— Work required —
Beginning with the first line and ending with the one containing "move=> oV qcV nVI.", copy the lines of the listing below exactly; omit everything else.
Material for the task Block Start
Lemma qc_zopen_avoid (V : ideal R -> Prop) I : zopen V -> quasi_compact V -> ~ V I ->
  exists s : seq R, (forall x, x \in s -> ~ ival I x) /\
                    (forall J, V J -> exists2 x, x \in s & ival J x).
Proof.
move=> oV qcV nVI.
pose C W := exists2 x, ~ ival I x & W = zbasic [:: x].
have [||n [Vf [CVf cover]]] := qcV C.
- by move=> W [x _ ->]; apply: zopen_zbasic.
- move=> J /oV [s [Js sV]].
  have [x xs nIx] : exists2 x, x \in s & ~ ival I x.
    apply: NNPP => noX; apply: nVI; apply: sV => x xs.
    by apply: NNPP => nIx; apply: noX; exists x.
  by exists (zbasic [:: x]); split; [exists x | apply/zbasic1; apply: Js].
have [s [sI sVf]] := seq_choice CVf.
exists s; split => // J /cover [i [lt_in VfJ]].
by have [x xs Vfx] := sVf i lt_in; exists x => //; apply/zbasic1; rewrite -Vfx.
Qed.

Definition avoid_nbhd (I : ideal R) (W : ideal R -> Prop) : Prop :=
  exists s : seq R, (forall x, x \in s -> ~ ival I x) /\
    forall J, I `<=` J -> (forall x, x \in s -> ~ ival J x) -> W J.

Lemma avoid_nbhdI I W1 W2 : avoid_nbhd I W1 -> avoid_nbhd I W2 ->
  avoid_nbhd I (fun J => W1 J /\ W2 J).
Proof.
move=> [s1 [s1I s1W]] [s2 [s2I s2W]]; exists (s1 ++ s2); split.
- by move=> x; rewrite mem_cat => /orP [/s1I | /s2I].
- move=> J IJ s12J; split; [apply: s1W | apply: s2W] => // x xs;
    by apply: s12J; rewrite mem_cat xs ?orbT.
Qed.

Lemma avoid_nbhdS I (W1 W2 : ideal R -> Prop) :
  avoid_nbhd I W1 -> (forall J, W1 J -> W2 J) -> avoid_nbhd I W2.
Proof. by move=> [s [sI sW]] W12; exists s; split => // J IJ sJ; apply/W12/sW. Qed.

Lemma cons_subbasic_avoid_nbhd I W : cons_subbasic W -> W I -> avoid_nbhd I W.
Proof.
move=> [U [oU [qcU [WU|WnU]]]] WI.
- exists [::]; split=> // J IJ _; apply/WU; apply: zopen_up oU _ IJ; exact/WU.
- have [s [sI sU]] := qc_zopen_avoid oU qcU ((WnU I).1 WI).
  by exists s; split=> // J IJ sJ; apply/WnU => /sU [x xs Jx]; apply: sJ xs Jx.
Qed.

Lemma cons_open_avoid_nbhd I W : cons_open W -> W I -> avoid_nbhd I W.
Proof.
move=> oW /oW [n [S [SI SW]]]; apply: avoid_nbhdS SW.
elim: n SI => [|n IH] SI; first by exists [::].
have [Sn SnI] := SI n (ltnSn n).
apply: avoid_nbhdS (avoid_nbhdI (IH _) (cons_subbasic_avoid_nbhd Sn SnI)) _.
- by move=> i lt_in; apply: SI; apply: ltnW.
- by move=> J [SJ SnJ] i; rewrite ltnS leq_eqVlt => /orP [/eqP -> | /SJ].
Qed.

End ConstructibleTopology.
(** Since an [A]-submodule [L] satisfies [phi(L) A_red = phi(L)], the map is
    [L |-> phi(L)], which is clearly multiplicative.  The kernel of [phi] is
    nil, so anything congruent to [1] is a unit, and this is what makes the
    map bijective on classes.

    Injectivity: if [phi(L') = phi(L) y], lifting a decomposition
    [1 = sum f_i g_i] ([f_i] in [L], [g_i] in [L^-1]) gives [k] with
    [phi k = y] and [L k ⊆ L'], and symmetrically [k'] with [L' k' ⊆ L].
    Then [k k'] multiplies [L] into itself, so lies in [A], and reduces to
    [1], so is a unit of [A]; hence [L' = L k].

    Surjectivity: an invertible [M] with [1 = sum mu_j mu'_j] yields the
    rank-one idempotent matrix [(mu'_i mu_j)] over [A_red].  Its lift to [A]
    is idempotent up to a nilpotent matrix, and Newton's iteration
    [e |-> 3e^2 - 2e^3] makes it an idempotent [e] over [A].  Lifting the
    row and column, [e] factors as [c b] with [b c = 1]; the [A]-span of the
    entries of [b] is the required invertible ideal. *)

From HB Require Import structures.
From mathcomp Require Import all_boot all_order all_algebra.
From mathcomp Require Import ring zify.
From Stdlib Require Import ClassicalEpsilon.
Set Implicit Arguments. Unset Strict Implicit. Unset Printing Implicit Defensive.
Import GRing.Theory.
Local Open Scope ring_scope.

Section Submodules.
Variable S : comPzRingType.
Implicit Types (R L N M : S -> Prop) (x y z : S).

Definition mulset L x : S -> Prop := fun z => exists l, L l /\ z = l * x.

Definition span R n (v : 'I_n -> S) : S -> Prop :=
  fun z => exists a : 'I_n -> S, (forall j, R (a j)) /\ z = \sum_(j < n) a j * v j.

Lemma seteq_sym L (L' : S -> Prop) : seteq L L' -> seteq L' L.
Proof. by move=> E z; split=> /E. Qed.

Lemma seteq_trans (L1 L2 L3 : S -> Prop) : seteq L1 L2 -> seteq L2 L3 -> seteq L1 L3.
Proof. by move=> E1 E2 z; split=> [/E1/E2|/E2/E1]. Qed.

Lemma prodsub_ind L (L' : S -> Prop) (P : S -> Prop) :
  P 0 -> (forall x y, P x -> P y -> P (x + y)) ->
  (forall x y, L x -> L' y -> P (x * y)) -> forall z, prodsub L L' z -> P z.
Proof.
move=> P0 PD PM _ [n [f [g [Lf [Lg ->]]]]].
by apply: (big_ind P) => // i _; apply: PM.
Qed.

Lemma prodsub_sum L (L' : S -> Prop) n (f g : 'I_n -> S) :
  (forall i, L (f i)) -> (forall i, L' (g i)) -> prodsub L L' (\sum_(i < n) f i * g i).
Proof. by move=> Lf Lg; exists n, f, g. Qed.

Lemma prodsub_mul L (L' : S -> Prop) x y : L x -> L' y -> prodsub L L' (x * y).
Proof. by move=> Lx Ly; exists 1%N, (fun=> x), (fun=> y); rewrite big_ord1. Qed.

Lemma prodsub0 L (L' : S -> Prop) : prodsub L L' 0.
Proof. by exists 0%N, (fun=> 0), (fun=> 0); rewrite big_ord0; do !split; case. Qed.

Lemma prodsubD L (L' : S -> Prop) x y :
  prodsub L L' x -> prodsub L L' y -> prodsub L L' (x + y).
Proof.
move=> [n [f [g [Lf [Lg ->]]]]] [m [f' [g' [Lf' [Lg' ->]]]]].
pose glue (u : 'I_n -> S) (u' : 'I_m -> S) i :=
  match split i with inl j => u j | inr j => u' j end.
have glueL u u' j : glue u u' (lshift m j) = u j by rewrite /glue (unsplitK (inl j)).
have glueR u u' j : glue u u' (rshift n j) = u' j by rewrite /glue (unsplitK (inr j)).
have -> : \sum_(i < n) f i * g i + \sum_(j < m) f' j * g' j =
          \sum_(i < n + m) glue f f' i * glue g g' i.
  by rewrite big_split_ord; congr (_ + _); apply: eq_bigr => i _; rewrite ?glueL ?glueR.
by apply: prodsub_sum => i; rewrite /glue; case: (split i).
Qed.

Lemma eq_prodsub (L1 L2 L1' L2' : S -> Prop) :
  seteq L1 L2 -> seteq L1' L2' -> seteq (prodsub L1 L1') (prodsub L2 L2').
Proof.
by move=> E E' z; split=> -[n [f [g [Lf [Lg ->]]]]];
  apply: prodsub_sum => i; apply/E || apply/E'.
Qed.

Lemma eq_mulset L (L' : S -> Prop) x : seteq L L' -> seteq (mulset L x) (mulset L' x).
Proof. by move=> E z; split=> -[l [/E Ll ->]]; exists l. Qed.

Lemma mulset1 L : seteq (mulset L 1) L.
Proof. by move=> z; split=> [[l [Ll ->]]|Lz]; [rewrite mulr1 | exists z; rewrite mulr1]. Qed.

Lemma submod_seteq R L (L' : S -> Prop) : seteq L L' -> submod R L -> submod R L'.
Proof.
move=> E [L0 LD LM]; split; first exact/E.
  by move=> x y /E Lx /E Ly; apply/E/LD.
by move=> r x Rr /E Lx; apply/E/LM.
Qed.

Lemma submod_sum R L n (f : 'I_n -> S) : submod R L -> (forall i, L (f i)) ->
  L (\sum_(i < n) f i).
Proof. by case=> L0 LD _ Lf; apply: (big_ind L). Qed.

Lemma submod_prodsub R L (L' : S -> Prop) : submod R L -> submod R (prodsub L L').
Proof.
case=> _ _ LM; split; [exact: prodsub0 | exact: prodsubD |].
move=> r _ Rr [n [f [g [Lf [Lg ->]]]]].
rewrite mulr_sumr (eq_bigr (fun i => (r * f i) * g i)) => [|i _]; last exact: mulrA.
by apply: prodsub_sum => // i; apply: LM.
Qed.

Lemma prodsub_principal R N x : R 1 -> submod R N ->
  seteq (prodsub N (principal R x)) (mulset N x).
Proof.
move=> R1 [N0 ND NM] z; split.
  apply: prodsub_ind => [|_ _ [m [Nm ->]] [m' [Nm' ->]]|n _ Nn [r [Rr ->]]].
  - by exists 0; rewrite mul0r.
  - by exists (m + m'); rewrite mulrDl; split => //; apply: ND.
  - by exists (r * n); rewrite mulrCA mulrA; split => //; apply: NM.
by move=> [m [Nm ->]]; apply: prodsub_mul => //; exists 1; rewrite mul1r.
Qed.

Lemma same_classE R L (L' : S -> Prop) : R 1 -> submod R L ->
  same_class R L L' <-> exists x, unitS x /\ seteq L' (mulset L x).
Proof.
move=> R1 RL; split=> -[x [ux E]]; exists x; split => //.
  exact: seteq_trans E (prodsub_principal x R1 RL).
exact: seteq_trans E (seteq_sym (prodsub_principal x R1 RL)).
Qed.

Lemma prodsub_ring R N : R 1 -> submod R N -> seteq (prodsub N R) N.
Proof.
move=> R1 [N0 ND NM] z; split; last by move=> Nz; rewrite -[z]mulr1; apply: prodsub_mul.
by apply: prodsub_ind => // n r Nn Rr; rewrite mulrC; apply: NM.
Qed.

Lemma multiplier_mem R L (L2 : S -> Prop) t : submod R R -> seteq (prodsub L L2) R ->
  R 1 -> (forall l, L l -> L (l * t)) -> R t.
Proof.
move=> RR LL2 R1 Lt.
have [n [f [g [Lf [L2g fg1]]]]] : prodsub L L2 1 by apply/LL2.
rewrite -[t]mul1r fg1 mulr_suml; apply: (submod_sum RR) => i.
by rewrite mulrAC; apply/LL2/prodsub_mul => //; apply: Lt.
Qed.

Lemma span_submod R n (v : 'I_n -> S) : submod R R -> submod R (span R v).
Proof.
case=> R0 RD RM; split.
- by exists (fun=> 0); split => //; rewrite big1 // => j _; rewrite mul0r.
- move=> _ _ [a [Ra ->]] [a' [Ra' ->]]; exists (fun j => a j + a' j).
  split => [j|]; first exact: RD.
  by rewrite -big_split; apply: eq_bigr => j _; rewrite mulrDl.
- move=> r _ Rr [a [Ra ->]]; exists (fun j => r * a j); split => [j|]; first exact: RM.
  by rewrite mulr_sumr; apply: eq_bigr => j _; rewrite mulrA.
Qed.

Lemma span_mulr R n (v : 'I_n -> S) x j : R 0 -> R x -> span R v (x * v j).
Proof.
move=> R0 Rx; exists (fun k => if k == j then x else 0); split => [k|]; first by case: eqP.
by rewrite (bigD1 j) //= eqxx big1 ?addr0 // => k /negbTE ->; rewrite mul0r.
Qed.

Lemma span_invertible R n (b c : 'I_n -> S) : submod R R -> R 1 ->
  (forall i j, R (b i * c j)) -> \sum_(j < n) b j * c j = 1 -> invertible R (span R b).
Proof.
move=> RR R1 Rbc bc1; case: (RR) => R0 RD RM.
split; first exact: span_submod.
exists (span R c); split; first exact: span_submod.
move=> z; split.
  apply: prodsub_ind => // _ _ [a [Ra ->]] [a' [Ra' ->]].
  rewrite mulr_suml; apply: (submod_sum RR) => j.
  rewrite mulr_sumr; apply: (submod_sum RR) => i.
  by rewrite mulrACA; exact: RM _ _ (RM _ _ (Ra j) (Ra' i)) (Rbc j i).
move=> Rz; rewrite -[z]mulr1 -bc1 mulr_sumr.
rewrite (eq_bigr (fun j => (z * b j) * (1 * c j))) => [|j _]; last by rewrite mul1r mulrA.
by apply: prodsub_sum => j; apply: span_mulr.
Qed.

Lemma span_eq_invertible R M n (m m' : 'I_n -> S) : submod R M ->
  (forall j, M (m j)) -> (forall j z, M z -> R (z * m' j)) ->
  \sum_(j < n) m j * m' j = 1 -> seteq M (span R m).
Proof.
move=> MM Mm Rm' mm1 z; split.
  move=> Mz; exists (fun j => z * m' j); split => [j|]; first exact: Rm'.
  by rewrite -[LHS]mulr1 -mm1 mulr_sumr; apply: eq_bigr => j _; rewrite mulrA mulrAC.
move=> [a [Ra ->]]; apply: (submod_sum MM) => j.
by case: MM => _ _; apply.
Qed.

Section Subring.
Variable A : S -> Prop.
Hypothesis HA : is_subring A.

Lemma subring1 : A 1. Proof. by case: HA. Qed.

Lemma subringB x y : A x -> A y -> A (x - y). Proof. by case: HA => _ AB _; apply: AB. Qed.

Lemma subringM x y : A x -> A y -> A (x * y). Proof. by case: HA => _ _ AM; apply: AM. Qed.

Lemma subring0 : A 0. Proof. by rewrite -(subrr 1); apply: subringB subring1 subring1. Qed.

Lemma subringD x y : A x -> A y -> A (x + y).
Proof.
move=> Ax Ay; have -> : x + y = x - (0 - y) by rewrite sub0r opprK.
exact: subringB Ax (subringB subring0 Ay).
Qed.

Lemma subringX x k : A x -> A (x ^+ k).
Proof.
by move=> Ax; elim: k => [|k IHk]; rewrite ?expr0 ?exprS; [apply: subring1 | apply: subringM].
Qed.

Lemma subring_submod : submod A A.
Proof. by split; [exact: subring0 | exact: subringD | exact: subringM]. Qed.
Material for the task Block End
— Task result —
Lemma qc_zopen_avoid (V : ideal R -> Prop) I : zopen V -> quasi_compact V -> ~ V I ->
  exists s : seq R, (forall x, x \in s -> ~ ival I x) /\
                    (forall J, V J -> exists2 x, x \in s & ival J x).
Proof.
move=> oV qcV nVI.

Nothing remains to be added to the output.